The creator of one, titled "U.S. Soldiers Eliminate Three Taliban Fighters During Ambush," wrote to Funker530 in accompaniment with his submission:

*I wanted to share the video with the world because I was sick of hearing all the ignorant things said about what we are doing over there. People need to understand what it's like on the ground for the troops on the front line, and see what we have to deal with on a daily basis without some political spin on the story. This footage has been edited to exclude the close up graphic footage of the enemy KIA. *

The soldier-photographer implies here that the verisimilitude offered by the GoPro format, and the fact that the he himself is the chronicler of his own experience, allows the viewer to transcend the limitations inherent in the news media's retelling of such an incident.

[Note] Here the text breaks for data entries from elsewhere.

Lemma r0_path : path (edge A) (init A) r0.
Proof. by have := profile_hist_path sigma_profile (size r0); rewrite hist_r0. Qed.

Lemma replay_coalition_strategy : is_coalition_strategy_from v p replay.
Proof.
move=> rest rest_path _; rewrite /replay /profile_next /= -last_cat.
by apply: sigma_profile; rewrite ?cat_path ?r0_path.
Qed.

Lemma splice_strategy : is_strategy_from v p tau -> is_strategy_from (init A) p splice.
Proof.
move=> tau_strategy rest rest_path rest_owner; rewrite /splice.
case: eqP => [prefix_r0|_]; last exact: sigma_profile.
set r2 := drop (size r0) rest.
have rest_eq : r0 ++ r2 = rest.
  by have := cat_take_drop (size r0).+1 (init A :: rest); rewrite prefix_r0 => -[].
rewrite -rest_eq cat_path r0_path in rest_path.
rewrite -rest_eq last_cat in rest_owner *.
by rewrite /= drop_size_cat //; apply: tau_strategy.
Qed.

Lemma deviation_next_off h :
  take (size r0).+1 h != init A :: r0 -> profile_next deviation h = profile_next sigma h.
Proof.
move=> off; rewrite /profile_next /deviate; case: eqP => [->|//].
by rewrite /splice (negbTE off).
Qed.

Lemma deviation_next_on r2 :
  profile_next deviation (init A :: r0 ++ r2) = game_next (v :: r2).
Proof.
rewrite /profile_next /gp_next /deviate /= last_cat.
case: eqP => _; last by rewrite /replay /profile_next /= last_cat.
by rewrite /splice /= take_size_cat // drop_size_cat // eqxx.
Qed.

Lemma hist_deviation_prefix i : (i <= size r0)%N ->
  hist (profile_next deviation) (init A) i = hist (profile_next sigma) (init A) i.
Proof.
elim: i => [|i IH] i_lt //=; rewrite IH ?deviation_next_off //; last lia.
rewrite take_oversize; last by rewrite hist_size; lia.
apply/eqP => E.
by have := congr1 size E; rewrite hist_size /=; lia.
Qed.

Lemma hist_deviation j : hist (profile_next deviation) (init A) (size r0 + j) =
  init A :: r0 ++ behead (hist game_next v j).
Proof.
elim: j => [|j IH]; first by rewrite addn0 hist_deviation_prefix // hist_r0 cats0.
rewrite addnS /= IH [hist game_next v j]hist_behead /= deviation_next_on.
by rewrite rcons_cat.
Qed.

Lemma playv_deviation j :
  playv (profile_next deviation) (init A) (size r0 + j) = playv game_next v j.
Proof. by rewrite !playv_behead hist_deviation /= last_cat. Qed.

Lemma mean_payoff_le_deviation :
  Rbar_le (mean_payoff p game_next v) (raw_payoff deviation p).
Proof.
have [M M_bound] :=
  finite_abs_bounded (fun e : vertex A * vertex A => Q2R (reward A p e.1 e.2)).
apply: (liminf_average_shift (n := size r0) (fun i => M_bound (_, _))) => i /=.
by rewrite -!playv_deviation addnS.
Qed.

End Deviation.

It's plainly apparent, though, that the excision of enemy dead is its own form of mediation, even when this excision only takes place due to the exercise of something like good taste. But Funk himself said in his Reddit post that "It's also a breach of opsec to show details of dead or injured enemy combatants, and I prefer to stay in the Military's good books."

Despite their shared commitment, at least on paper, to mental health, Funk is not in the good books of Edna Foa, the pioneer of prolonged exposure therapy: "It makes me sick. Without doing a study, to validate that they really are helpful? I did not disseminate PE until I did several studies to show that it worked. So, I mean, selling it and saying that it's for the good of…," she said, trailing off for a moment before gathering herself.

"It's sickening."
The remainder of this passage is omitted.